Egypt should actively diversify its wheat sourcing to reduce dependence on traditional suppliers like France. This can be achieved by forging partnerships with emerging suppliers, mainly from Russia and Ukraine, which have been increasing their wheat production capacities. Egypt can enhance its negotiating power by establishing contracts with multiple suppliers, ensuring a more stable and resilient supply chain, especially in light of geopolitical tensions that may affect trade routes and pricing. Engaging in long-term contracts with Russian and Ukrainian exporters can help secure favorable pricing while mitigating the risks of price volatility associated with relying on a single source. Furthermore, exploring collaborations with countries with a surplus of wheat can open up new avenues for trade and reduce vulnerabilities in the face of global supply chain disruptions.
A comprehensive marketing strategy should be implemented to effectively promote the high quality and competitive pricing of Egyptian wheat, targeting emerging markets, particularly in Southeast Asia and Africa. This could involve collaborating with trade associations and agricultural bodies to organize promotional events highlighting Egyptian wheat's benefits, such as its quality and adaptability to various culinary uses. Participation in international trade fairs and food expos can increase visibility and facilitate direct connections with potential buyers and importers. Additionally, leveraging digital marketing tools, including social media platforms and online trade portals, can help reach a broader audience and create brand awareness for Egyptian wheat in new markets. By emphasizing Egyptian wheat's unique qualities and advantages, such as its suitability for diverse food applications, Egypt can stimulate demand and ultimately increase export volumes.
Egypt should prioritize investments in transportation and storage infrastructure to enhance its export capabilities.
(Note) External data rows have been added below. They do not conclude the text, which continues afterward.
(* Let $T$ be a topologically recurrent continuous linear operator on a real or complex Hausdorff topological vector space $X$ over $\mathbb{K}\in\{\mathbb{R},\mathbb{C}\}$, and let $\mathbb{T}=\{z\in\mathbb{C}:|z|=1\}$. Then: (a) for every $\lambda\in\mathbb{K}\setminus\mathbb{T}$ the operator $T-\lambda I$ has dense range; (b) if $X$ is real, then for every $\lambda\in\mathbb{C}\setminus\mathbb{T}$ the operator $\widetilde T-\lambda I$ has dense range in $\widetilde X$. Consequently, for every polynomial $p$ with coefficients in $\mathbb{K}$ having no roots in $\mathbb{T}$, the operator $p(T)$ has dense range in $X$.
   Context: $T$ is topologically recurrent if for every non-empty open $U\subset X$ there is $n\in\mathbb{N}$ with $T^n(U)\cap U\neq\varnothing$. For a real space $X$, its complexification is $\widetilde X=\{x+iy:x,y\in X\}$, topologically identified with $X\oplus X$, with complex scalar multiplication $(\alpha+i\beta)(x+iy)=(\alpha x-\beta y)+i(\alpha y+\beta x)$, and the complexified operator is $\widetilde T(x+iy)=Tx+iTy$. *)

From HB Require Import structures.
From mathcomp Require Import all_boot all_order all_algebra.
From mathcomp Require Import all_classical all_reals all_analysis.
From mathcomp.real_closed Require Import complex.
Set Implicit Arguments. Unset Strict Implicit. Unset Printing Implicit Defensive.
Import Order.TTheory GRing.Theory Num.Theory.
Import numFieldTopology.Exports.
Local Open Scope classical_set_scope.
Local Open Scope ring_scope.
(* Let $\mathfrak{g}$ be a finite-dimensional real Lie algebra with linear bivector $\bar\alpha^{ij}=\tfrac12c_k^{ij}X^k$. Every graph $\Gamma\in G_n$ whose operator $B_{\Gamma,\bar\alpha}$ is not identically zero is either a loop graph or a Sym-admissible graph. Thus the bi-differential operators occurring in Kontsevich's quantization of $\mathfrak{g}^*$ are of two types: those corresponding to loop graphs and those corresponding to Sym-admissible graphs.
   Context: Basis $X^1,\ldots,X^d$ of $\mathfrak{g}$ with $[X^i,X^j]=c_k^{ij}X^k$; the $X^i$ are linear coordinates on $\mathfrak{g}^*$, $\partial_i=\partial/\partial X^i$. $G_n$: oriented labeled graphs with vertex set $\{1,\ldots,n\}\cup\{X,Y\}$ and $2n$ edges, exactly two ordered edges $e_k^1,e_k^2$ starting at each aerial vertex $k$ and ending at vertices other than $k$, none starting at $X,Y$. $B_{\Gamma,\bar\alpha}(f,g)=\sum_{I:E_\Gamma\to\{1,\ldots,d\}}\Big[\prod_{k=1}^n\Big(\prod_{e=( *,k)}\partial_{I(e)}\Big)\bar\alpha^{I(e_k^1)I(e_k^2)}\Big]\Big(\prod_{e=( *,X)}\partial_{I(e)}\Big)f\,\Big(\prod_{e=( *,Y)}\partial_{I(e)}\Big)g$. Kontsevich's quantization of $\mathfrak{g}^*$ is $f\star g=\sum_n\epsilon^n\sum_{\Gamma\in G_n}w_K(\Gamma)B_{\Gamma,\bar\alpha}(f,g)$ for certain numerical weights $w_K(\Gamma)$. A loop graph is one containing a directed cycle. A graph is Sym-admissible if it is the graph with no edges, or if, after redirecting each edge ending at $X$ (resp. $Y$) to its own new leaf labeled $X$ (resp. $Y$), it becomes a disjoint union of rooted binary trees whose internal nodes are the aerial vertices (edges directed from a node to its two children) and whose leaves are the new $X/Y$ leaves. *)

From HB Require Import structures.
From mathcomp Require Import all_boot all_order all_algebra.
From mathcomp Require Import reals.
From mathcomp Require Import mpoly.
Set Implicit Arguments. Unset Strict Implicit. Unset Printing Implicit Defensive.
Import Order.TTheory GRing.Theory Num.Theory.
Local Open Scope ring_scope.

(** * Lie algebra structure constants
   A Lie algebra g with basis X^0..X^(d-1); [c i j k] = c_k^{ij}, i.e.
   [X^i, X^j] = \sum_k c_k^{ij} X^k. *)
Definition is_lie_structure (R : realType) (d : nat)
    (c : 'I_d -> 'I_d -> 'I_d -> R) : Prop :=
  (forall i j k, c i j k = - c j i k) /\
  (forall i j k m,
     \sum_(l < d) (c i j l * c l k m + c j k l * c l i m + c k i l * c l j m)
       = 0).

(** The linear bivector  alpha^{ij} = 1/2 c_k^{ij} X^k  on g^*, where the
    X^k are the linear coordinates on g^* (polynomial ring in d variables). *)
Definition alpha_bar (R : realType) (d : nat) (c : 'I_d -> 'I_d -> 'I_d -> R)
    (i j : 'I_d) : {mpoly R[d]} :=
  2^-1 *: \sum_(k < d) c i j k *: 'X_k.

(** * Kontsevich graphs G_n
   Vertices: aerial vertices [inl k] (k : 'I_n), and the two ground vertices
   X := [inr false], Y := [inr true].  Edges: e_k^1 = (k, false) and
   e_k^2 = (k, true), starting at aerial vertex k; [kg_tgt e] is the end
   vertex of e, which must differ from the starting vertex. *)
Definition kvertex (n : nat) := ('I_n + bool)%type.
Definition vX {n : nat} : kvertex n := inr false.
Definition vY {n : nat} : kvertex n := inr true.

Record kgraph (n : nat) := KGraph {
  kg_tgt : {ffun 'I_n * bool -> kvertex n};
  kg_tgt_ok : forall (k : 'I_n) (b : bool), kg_tgt (k, b) != inl k
}.

Definition edges_into (n : nat) (G : kgraph n) (v : kvertex n)
  : seq ('I_n * bool) :=
  [seq e <- enum {: 'I_n * bool} | kg_tgt G e == v].

Definition derivs (R : realType) (d : nat) (s : seq 'I_d) (p : {mpoly R[d]})
  : {mpoly R[d]} :=
  foldr (fun i q => mderiv i q) p s.

Definition B_op (R : realType) (d n : nat) (c : 'I_d -> 'I_d -> 'I_d -> R)
    (G : kgraph n) (f g : {mpoly R[d]}) : {mpoly R[d]} :=
  \sum_(I : {ffun 'I_n * bool -> 'I_d})
    ((\prod_(k < n)
        derivs [seq I e | e <- edges_into G (inl k)]
               (alpha_bar c (I (k, false)) (I (k, true))))
     * derivs [seq I e | e <- edges_into G vX] f
     * derivs [seq I e | e <- edges_into G vY] g).

(** * Loop graphs: Gamma contains a directed cycle.
   Only aerial vertices have outgoing edges, so a directed cycle consists of
   aerial vertices; [aerial_edge G k j] iff there is an edge from k to j. *)
Definition aerial_edge (n : nat) (G : kgraph n) : rel 'I_n :=
  fun k j => (kg_tgt G (k, false) == inl j) || (kg_tgt G (k, true) == inl j).

Definition loop_graph (n : nat) (G : kgraph n) : Prop :=
  exists k j : 'I_n, aerial_edge G k j && connect (aerial_edge G) j k.

(** * Sym-admissible graphs
   Rooted binary trees whose internal nodes are labelled by aerial vertices
   and whose leaves are labelled X ([false]) or Y ([true]). *)
Inductive btree (n : nat) :=
| BLeaf of bool
| BNode of 'I_n & btree n & btree n.

Definition btree_root (n : nat) (t : btree n) : kvertex n :=
  match t with
  | BLeaf b => inr b
  | BNode k _ _ => inl k
  end.

Fixpoint btree_nodes (n : nat) (t : btree n) : seq 'I_n :=
  match t with
  | BLeaf _ => [::]
  | BNode k l r => k :: (btree_nodes l ++ btree_nodes r)
  end.

Definition is_bnode (n : nat) (t : btree n) : bool :=
  if t is BNode _ _ _ then true else false.

Fixpoint btree_fits (n : nat) (G : kgraph n) (t : btree n) : bool :=
  match t with
  | BLeaf _ => true
  | BNode k l r =>
      [&& kg_tgt G (k, false) == btree_root l,
          kg_tgt G (k, true) == btree_root r,
          btree_fits G l & btree_fits G r]
  end.

(** Gamma is Sym-admissible: it is the graph with no edges (n = 0), or after
    splitting every edge ending at X (resp. Y) to its own new leaf, it is a
    disjoint union (forest F) of rooted binary trees whose internal nodes are
    exactly the aerial vertices (each occurring exactly once) and whose leaves
    are the new X/Y leaves. *)
Definition sym_admissible (n : nat) (G : kgraph n) : Prop :=
  n = 0%N \/
  exists F : seq (btree n),
    [/\ all (@is_bnode n) F,
        perm_eq (flatten [seq btree_nodes t | t <- F]) (enum 'I_n)
      & all (btree_fits G) F].

From HB Require Import structures.
From mathcomp Require Import all_boot all_order all_algebra.
From mathcomp Require Import reals.
From mathcomp Require Import mpoly.
From mathcomp Require Import zify.
Set Implicit Arguments. Unset Strict Implicit. Unset Printing Implicit Defensive.
Import GRing.Theory.

(** Idea: the bivector alpha is linear in the coordinates, so an aerial
    vertex hit by two edges carries a second derivative of a linear
    polynomial, which vanishes; hence B_Gamma <> 0 forces every aerial vertex
    to have in-degree at most one.  A
    graph without directed cycles in which every aerial vertex has at most
    one parent is a forest: every aerial vertex is reached from exactly one
    source, and unfolding the two outgoing edges from each source gives
    binary trees whose leaves are the edges into X and Y and which together
    contain each aerial vertex exactly once. *)

Section UniquePredecessors.
Variables (T : finType) (e : rel T).

Lemma connect_last_step a b :
  connect e a b -> a != b -> exists2 p, connect e a p & e p b.
Proof.
case/connectP=> q; elim/last_ind: q => [|q y _] /=; first by move=> _ ->; rewrite eqxx.
rewrite rcons_path last_rcons => /andP[aq qy] -> _.
by exists (last a q) => //; apply/connectP; exists q.
Qed.

Definition reach_card (k : T) := #|[pred y | connect e k y]|.

Definition is_source (r : T) := [forall k, ~~ e k r].

Lemma connect_source_eq a r : is_source r -> connect e a r -> a = r.
Proof.
move=> /forallP r_src ar; have [//|a_neq_r] := eqVneq a r.
by have [p _ pr] := connect_last_step ar a_neq_r; move: (r_src p); rewrite pr.
Qed.

Hypothesis pred_uniq : forall p1 p2 x, e p1 x -> e p2 x -> p1 = p2.

Lemma connect_comparable a b x :
  connect e a x -> connect e b x -> connect e a b || connect e b a.
Proof.
case/connectP=> q; elim/last_ind: q x => [|q y IHq] x /=.
  by move=> _ -> ->; rewrite orbT.
rewrite rcons_path last_rcons => /andP[aq qy] -> bx.
have [->|b_neq_y] := eqVneq b y.
  apply/orP; left; apply/connectP; exists (rcons q y).
    by rewrite rcons_path aq qy.
  by rewrite last_rcons.
have [p bp py] := connect_last_step bx b_neq_y.
by rewrite (pred_uniq py qy) in bp; apply: IHq bp.
Qed.

Lemma source_uniq r1 r2 x : is_source r1 -> is_source r2 ->
  connect e r1 x -> connect e r2 x -> r1 = r2.
Proof.
move=> r1_src r2_src r1x r2x.
case/orP: (connect_comparable r1x r2x) => [|/(connect_source_eq r1_src)] //.
exact: connect_source_eq.
Qed.

Hypothesis acyclic : forall k j, e k j -> ~~ connect e j k.

Lemma reach_card_lt k j : e k j -> reach_card j < reach_card k.
Proof.
move=> kj; apply/proper_card/properP; split.
  by apply/subsetP => y; rewrite !inE; apply/connect_trans/connect1.
by exists k; rewrite !inE ?connect0 ?acyclic.
Qed.

Lemma exists_source x : exists2 r, is_source r & connect e r x.
Proof.
have : x \in [pred y | connect e y x] by rewrite inE connect0.
case/(arg_maxnP reach_card) => r rx r_max; exists r => //.
apply/forallP => k; apply/negP => kr.
have := r_max k (connect_trans (connect1 kr) rx).
by have := reach_card_lt kr; lia.
Qed.

Lemma connect_siblings_eq k a b : e k a -> e k b -> connect e a b -> a = b.
Proof.
move=> ka kb ab; have [//|a_neq_b] := eqVneq a b.
have [p ap pb] := connect_last_step ab a_neq_b.
by rewrite (pred_uniq pb kb) in ap; move: (acyclic ka); rewrite ap.
Qed.

Lemma siblings_disjoint k a b x : e k a -> e k b -> a != b ->
  ~~ (connect e a x && connect e b x).
Proof.
move=> ka kb a_neq_b; apply/negP => /andP[ax bx].
move/eqP: a_neq_b; apply; case/orP: (connect_comparable ax bx) => [ab|ba].
  exact: connect_siblings_eq ka kb ab.
exact/esym/(connect_siblings_eq kb ka ba).
Qed.

End UniquePredecessors.

Section KontsevichGraphs.
Variables (n : nat) (G : kgraph n).
Local Notation tgt := (kg_tgt G).
Local Notation E := (aerial_edge G).

Lemma aerial_edgeP k j : reflect (exists b, tgt (k, b) = inl j) (E k j).
Proof.
apply: (iffP orP) => [[/eqP|/eqP]|[[] ->]].
- by exists false.
- by exists true.
- by right.
- by left.
Qed.

Definition aerial_indeg_le1 :=
  forall e1 e2 j, tgt e1 = inl j -> tgt e2 = inl j -> e1 = e2.

Definition target_reaches (v : kvertex n) (x : 'I_n) :=
  if v is inl j then connect E j x else false.

Lemma target_reaches_connect k b x :
  target_reaches (tgt (k, b)) x -> connect E k x.
Proof.
case Ekb: (tgt (k, b)) => [j|] //= jx.
by apply: connect_trans jx; apply/connect1/aerial_edgeP; exists b.
Qed.

Lemma connect_targets k x : connect E k x =
  [|| k == x, target_reaches (tgt (k, false)) x | target_reaches (tgt (k, true)) x].
Proof.
apply/idP/idP; last first.
  by case/or3P=> [/eqP->|/target_reaches_connect|/target_reaches_connect].
case/connectP=> -[|y q] /=; first by move=> _ ->; rewrite eqxx.
case/andP=> /aerial_edgeP[b Ekb] yq qx.
have : target_reaches (tgt (k, b)) x by rewrite Ekb; apply/connectP; exists q.
by case: b {Ekb} => ->; rewrite ?orbT.
Qed.

Hypothesis indeg : aerial_indeg_le1.
Hypothesis acyclic : forall k j, E k j -> ~~ connect E j k.

Lemma aerial_pred_uniq p1 p2 j : E p1 j -> E p2 j -> p1 = p2.
Proof. by case/aerial_edgeP=> [b1 h1] /aerial_edgeP[b2 h2]; case: (indeg h1 h2). Qed.

Lemma target_reaches_self k b : target_reaches (tgt (k, b)) k = false.
Proof.
case Ekb: (tgt (k, b)) => [j|] //=; apply/negbTE/acyclic.
by apply/aerial_edgeP; exists b.
Qed.

Lemma target_reaches_disjoint k x :
  ~~ (target_reaches (tgt (k, false)) x && target_reaches (tgt (k, true)) x).
Proof.
case E1: (tgt (k, false)) => [j1|] //=.
case E2: (tgt (k, true)) => [j2|] /=; last by rewrite andbF.
have kj1 : E k j1 by apply/aerial_edgeP; exists false.
have kj2 : E k j2 by apply/aerial_edgeP; exists true.
apply: (siblings_disjoint (@aerial_pred_uniq) acyclic x kj1 kj2).
by apply/eqP => j12; move: E2; rewrite -j12 => /(indeg E1).
Qed.

Definition vertex_tree (t : 'I_n -> btree n) (v : kvertex n) : btree n :=
  match v with inl j => t j | inr b => BLeaf n b end.

(* [f] is fuel: [unfold_tree f k] is the full subtree below [k] as soon as
   [f] exceeds [reach_card E k]. *)
Fixpoint unfold_tree (f : nat) (k : 'I_n) : btree n :=
  if f is f'.+1 then
    BNode k (vertex_tree (unfold_tree f') (tgt (k, false)))
            (vertex_tree (unfold_tree f') (tgt (k, true)))
  else BLeaf n false.

Lemma reach_card_target f k b j :
  reach_card E k < f.+1 -> tgt (k, b) = inl j -> reach_card E j < f.
Proof.
move=> kf Ekb; have kj : E k j by apply/aerial_edgeP; exists b.
by have := reach_card_lt acyclic kj; lia.
Qed.

Lemma unfold_tree_fits f k : reach_card E k < f -> btree_fits G (unfold_tree f k).
Proof.
elim: f k => // f IHf k kf /=.
have fits_child b : (tgt (k, b) == btree_root (vertex_tree (unfold_tree f) (tgt (k, b))))
    && btree_fits G (vertex_tree (unfold_tree f) (tgt (k, b))).
  case Ekb: (tgt (k, b)) => [j|b'] /=; last by rewrite eqxx.
  have jf := reach_card_target kf Ekb.
  by case: f {IHf kf} jf (IHf j) => // f jf /(_ jf) ->; rewrite /= eqxx.
by case/andP: (fits_child false) => -> ->; case/andP: (fits_child true) => -> ->.
Qed.

Lemma count_unfold_tree f k x : reach_card E k < f ->
  count_mem x (btree_nodes (unfold_tree f k)) = connect E k x.
Proof.
elim: f k => // f IHf k kf /=; rewrite count_cat.
have count_child b : count_mem x (btree_nodes (vertex_tree (unfold_tree f) (tgt (k, b))))
    = target_reaches (tgt (k, b)) x.
  by case Ekb: (tgt (k, b)) => [j|] //=; apply/IHf/(reach_card_target kf Ekb).
rewrite !count_child connect_targets.
have [<-|_] := eqVneq k x; first by rewrite !target_reaches_self.
by case/nandP: (target_reaches_disjoint k x) => /negbTE->; case: (target_reaches _ x).
Qed.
Improving logistics networks, such as ports and road systems, will facilitate smoother and more efficient wheat exports, reducing delays and costs associated with transportation. Moreover, expanding storage facilities will help mitigate risks related to supply chain disruptions, allowing Egypt to maintain a buffer stock and respond promptly to market demands. Alongside infrastructure improvements, developing robust risk management strategies is essential to address the impacts of adverse weather on wheat production. Collaborating with agricultural experts to establish best practices for wheat cultivation can lead to higher yields and better crop resilience. Implementing advanced technologies, such as precision agriculture and data analytics for yield forecasting, will enhance market analysis capabilities, allowing Egyptian exporters to make informed decisions based on market trends and fluctuations. By investing in infrastructure and risk management, Egypt can ensure a more resilient and competitive position in the global wheat market.